'''

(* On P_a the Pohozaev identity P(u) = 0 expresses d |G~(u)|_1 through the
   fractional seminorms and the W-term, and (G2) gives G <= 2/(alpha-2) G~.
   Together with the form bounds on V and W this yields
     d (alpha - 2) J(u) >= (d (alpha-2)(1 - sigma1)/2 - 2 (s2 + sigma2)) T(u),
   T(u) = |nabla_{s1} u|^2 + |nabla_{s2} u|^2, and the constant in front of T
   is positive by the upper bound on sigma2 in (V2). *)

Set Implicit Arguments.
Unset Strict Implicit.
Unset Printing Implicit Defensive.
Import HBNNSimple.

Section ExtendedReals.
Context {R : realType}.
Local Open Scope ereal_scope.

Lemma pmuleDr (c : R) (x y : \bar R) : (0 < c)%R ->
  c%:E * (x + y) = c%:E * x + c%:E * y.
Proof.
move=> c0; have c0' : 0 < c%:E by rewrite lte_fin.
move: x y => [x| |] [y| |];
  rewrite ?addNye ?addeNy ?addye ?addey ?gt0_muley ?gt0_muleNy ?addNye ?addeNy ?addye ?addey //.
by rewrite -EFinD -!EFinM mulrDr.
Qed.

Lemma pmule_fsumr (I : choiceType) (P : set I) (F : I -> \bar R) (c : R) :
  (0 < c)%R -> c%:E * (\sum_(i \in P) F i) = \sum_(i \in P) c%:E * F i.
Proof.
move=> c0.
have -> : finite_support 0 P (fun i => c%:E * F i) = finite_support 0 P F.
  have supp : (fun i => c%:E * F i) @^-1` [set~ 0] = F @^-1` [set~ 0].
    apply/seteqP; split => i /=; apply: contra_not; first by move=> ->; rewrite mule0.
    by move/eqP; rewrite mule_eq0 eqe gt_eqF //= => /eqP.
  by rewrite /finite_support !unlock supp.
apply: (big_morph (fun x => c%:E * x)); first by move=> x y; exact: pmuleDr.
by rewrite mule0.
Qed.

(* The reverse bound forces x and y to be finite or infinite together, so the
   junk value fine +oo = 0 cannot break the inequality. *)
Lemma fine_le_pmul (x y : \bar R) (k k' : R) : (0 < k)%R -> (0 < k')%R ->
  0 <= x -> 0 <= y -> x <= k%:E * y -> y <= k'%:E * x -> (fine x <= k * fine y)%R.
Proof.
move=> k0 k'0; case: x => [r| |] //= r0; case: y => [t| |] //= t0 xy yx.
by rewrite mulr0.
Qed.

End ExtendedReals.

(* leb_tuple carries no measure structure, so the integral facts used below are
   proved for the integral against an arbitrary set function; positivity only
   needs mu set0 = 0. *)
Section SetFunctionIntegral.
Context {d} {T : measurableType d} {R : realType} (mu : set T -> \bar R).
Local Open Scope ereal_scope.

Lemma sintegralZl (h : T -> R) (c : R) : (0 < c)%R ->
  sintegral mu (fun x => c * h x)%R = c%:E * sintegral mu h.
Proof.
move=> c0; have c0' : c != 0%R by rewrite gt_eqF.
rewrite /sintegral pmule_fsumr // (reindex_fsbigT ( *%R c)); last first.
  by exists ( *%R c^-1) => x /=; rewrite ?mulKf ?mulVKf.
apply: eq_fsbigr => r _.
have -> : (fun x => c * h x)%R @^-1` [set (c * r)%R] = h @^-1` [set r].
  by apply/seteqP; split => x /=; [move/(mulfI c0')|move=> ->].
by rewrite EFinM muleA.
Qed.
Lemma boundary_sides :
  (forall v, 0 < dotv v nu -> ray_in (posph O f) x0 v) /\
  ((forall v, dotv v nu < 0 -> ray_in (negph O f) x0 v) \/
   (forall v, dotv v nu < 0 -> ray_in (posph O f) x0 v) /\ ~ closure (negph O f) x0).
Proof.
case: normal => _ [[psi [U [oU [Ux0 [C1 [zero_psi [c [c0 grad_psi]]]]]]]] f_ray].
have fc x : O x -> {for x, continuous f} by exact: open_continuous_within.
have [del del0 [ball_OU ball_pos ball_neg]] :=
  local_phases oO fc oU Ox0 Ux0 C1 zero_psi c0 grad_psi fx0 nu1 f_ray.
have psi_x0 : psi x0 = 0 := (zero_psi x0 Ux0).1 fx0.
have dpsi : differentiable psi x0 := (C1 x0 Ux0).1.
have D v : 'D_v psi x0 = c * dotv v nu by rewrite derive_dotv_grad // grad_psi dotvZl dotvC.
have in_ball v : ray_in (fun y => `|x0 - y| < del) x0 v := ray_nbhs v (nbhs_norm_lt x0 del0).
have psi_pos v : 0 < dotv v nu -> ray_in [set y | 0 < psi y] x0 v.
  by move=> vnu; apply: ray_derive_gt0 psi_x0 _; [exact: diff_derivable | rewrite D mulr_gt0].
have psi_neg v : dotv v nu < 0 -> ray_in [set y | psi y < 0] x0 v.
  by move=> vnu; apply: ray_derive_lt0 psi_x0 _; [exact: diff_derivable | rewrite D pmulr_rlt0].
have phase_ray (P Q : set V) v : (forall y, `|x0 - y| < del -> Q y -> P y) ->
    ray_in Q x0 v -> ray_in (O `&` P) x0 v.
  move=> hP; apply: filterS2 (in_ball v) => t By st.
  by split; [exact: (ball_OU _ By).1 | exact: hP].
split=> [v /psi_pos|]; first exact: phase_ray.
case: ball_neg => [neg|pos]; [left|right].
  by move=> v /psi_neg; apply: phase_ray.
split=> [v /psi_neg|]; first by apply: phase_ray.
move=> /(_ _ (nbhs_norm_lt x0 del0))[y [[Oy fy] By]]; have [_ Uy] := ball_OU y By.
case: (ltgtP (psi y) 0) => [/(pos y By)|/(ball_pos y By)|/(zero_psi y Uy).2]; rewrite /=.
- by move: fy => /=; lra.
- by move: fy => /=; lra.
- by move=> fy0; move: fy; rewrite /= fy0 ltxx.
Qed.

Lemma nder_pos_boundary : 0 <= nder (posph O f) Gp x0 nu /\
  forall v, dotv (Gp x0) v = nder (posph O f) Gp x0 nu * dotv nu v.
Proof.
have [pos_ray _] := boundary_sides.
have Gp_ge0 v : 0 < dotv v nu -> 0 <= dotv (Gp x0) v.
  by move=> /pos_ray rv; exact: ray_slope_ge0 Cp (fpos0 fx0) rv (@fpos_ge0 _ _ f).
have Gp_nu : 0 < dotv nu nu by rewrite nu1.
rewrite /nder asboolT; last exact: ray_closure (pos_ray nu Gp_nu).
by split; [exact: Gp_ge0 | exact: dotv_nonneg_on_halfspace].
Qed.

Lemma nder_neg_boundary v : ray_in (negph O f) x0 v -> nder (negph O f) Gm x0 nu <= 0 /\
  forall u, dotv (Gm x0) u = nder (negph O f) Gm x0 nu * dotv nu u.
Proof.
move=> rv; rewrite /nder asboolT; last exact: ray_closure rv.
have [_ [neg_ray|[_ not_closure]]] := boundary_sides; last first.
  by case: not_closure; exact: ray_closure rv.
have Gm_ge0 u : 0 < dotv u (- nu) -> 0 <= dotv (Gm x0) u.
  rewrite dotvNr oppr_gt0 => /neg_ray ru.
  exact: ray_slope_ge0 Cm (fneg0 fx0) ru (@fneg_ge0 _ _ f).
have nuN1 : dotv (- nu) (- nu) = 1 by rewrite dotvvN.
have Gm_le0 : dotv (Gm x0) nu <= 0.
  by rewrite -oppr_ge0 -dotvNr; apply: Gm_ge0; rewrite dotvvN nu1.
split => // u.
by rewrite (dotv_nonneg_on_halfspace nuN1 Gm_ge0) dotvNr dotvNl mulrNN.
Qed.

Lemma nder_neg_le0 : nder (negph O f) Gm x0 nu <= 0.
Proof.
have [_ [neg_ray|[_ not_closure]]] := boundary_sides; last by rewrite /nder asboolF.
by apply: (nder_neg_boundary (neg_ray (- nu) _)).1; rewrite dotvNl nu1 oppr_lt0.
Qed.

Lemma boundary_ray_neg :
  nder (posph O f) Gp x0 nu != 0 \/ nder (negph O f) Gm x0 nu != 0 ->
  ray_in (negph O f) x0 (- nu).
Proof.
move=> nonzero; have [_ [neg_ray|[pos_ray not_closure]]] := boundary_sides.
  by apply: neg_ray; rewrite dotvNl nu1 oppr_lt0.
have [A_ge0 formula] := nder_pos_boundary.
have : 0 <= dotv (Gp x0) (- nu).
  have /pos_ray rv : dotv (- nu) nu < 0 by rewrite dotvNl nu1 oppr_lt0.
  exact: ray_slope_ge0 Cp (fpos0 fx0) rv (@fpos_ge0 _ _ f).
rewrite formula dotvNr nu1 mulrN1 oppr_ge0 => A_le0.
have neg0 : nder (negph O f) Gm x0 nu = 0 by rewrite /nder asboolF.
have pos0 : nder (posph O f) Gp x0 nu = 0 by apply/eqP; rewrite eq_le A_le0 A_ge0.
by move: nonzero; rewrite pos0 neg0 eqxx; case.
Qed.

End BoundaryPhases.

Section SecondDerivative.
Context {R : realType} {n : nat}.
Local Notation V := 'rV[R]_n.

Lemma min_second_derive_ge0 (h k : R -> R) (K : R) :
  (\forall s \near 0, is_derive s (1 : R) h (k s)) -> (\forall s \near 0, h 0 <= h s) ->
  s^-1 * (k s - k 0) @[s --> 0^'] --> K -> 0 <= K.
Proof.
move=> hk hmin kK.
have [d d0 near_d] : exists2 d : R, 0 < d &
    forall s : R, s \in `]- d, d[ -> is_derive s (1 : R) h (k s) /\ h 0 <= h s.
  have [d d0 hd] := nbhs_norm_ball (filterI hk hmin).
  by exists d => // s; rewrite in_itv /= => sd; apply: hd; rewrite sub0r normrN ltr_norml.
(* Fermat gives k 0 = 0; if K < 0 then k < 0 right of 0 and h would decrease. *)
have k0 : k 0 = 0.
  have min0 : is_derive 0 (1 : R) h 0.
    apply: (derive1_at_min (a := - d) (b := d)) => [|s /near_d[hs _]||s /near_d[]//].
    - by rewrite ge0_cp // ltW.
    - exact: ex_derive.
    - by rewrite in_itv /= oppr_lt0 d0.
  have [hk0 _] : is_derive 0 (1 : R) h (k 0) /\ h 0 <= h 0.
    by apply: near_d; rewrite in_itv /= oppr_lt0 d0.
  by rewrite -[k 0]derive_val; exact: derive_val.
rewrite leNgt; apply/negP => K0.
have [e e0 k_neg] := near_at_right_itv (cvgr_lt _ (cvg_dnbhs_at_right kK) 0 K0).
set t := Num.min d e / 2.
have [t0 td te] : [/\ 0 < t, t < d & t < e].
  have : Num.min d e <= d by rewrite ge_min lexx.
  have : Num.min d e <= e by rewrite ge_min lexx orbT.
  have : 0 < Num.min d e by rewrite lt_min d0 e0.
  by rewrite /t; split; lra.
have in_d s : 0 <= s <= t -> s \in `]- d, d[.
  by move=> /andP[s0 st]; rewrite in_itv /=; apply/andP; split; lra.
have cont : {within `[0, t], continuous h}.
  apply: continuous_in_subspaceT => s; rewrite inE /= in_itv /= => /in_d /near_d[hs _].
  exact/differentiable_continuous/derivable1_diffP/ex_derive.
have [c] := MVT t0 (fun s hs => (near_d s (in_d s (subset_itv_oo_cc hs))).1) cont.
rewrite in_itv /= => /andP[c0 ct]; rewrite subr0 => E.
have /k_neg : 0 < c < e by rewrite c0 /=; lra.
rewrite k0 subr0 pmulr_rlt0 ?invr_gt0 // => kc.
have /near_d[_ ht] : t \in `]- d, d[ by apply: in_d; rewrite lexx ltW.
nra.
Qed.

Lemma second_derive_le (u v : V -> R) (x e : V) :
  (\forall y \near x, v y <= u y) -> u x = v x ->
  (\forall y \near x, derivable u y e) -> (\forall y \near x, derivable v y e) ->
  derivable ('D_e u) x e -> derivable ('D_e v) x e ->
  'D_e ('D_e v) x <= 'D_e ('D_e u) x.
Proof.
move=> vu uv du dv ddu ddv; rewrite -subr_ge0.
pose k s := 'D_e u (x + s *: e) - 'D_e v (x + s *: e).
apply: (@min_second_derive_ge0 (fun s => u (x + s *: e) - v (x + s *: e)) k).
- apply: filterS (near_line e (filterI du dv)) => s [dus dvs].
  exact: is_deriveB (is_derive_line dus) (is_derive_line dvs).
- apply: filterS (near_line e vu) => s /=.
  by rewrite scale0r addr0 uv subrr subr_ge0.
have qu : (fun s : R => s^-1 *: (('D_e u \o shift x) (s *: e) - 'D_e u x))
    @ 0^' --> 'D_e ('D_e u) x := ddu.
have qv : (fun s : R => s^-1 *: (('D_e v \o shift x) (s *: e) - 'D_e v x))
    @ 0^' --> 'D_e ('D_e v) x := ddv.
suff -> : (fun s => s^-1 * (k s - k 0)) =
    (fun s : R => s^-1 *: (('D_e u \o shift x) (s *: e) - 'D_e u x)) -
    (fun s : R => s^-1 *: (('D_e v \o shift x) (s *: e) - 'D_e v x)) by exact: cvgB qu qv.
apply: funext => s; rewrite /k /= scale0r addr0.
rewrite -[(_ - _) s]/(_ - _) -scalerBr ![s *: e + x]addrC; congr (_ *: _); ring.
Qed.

'''

▸ THE PROBLEM:
Word for word, restate the lines of the listing above starting at the line with "(forall v, dotv v nu < 0 -> ray_in (posph" and ending at the line with "by move=> /pos_ray", and nothing outside them.

▸ RESPONSE FOR THIS EXERCISE:
   (forall v, dotv v nu < 0 -> ray_in (posph O f) x0 v) /\ ~ closure (negph O f) x0).
Proof.
case: normal => _ [[psi [U [oU [Ux0 [C1 [zero_psi [c [c0 grad_psi]]]]]]]] f_ray].
have fc x : O x -> {for x, continuous f} by exact: open_continuous_within.
have [del del0 [ball_OU ball_pos ball_neg]] :=
  local_phases oO fc oU Ox0 Ux0 C1 zero_psi c0 grad_psi fx0 nu1 f_ray.
have psi_x0 : psi x0 = 0 := (zero_psi x0 Ux0).1 fx0.
have dpsi : differentiable psi x0 := (C1 x0 Ux0).1.
have D v : 'D_v psi x0 = c * dotv v nu by rewrite derive_dotv_grad // grad_psi dotvZl dotvC.
have in_ball v : ray_in (fun y => `|x0 - y| < del) x0 v := ray_nbhs v (nbhs_norm_lt x0 del0).
have psi_pos v : 0 < dotv v nu -> ray_in [set y | 0 < psi y] x0 v.
  by move=> vnu; apply: ray_derive_gt0 psi_x0 _; [exact: diff_derivable | rewrite D mulr_gt0].
have psi_neg v : dotv v nu < 0 -> ray_in [set y | psi y < 0] x0 v.
  by move=> vnu; apply: ray_derive_lt0 psi_x0 _; [exact: diff_derivable | rewrite D pmulr_rlt0].
have phase_ray (P Q : set V) v : (forall y, `|x0 - y| < del -> Q y -> P y) ->
    ray_in Q x0 v -> ray_in (O `&` P) x0 v.
  move=> hP; apply: filterS2 (in_ball v) => t By st.
  by split; [exact: (ball_OU _ By).1 | exact: hP].
split=> [v /psi_pos|]; first exact: phase_ray.
case: ball_neg => [neg|pos]; [left|right].
  by move=> v /psi_neg; apply: phase_ray.
split=> [v /psi_neg|]; first by apply: phase_ray.
move=> /(_ _ (nbhs_norm_lt x0 del0))[y [[Oy fy] By]]; have [_ Uy] := ball_OU y By.
case: (ltgtP (psi y) 0) => [/(pos y By)|/(ball_pos y By)|/(zero_psi y Uy).2]; rewrite /=.
- by move: fy => /=; lra.
- by move: fy => /=; lra.
- by move=> fy0; move: fy; rewrite /= fy0 ltxx.
Qed.

Lemma nder_pos_boundary : 0 <= nder (posph O f) Gp x0 nu /\
  forall v, dotv (Gp x0) v = nder (posph O f) Gp x0 nu * dotv nu v.
Proof.
have [pos_ray _] := boundary_sides.
have Gp_ge0 v : 0 < dotv v nu -> 0 <= dotv (Gp x0) v.
  by move=> /pos_ray rv; exact: ray_slope_ge0 Cp (fpos0 fx0) rv (@fpos_ge0 _ _ f).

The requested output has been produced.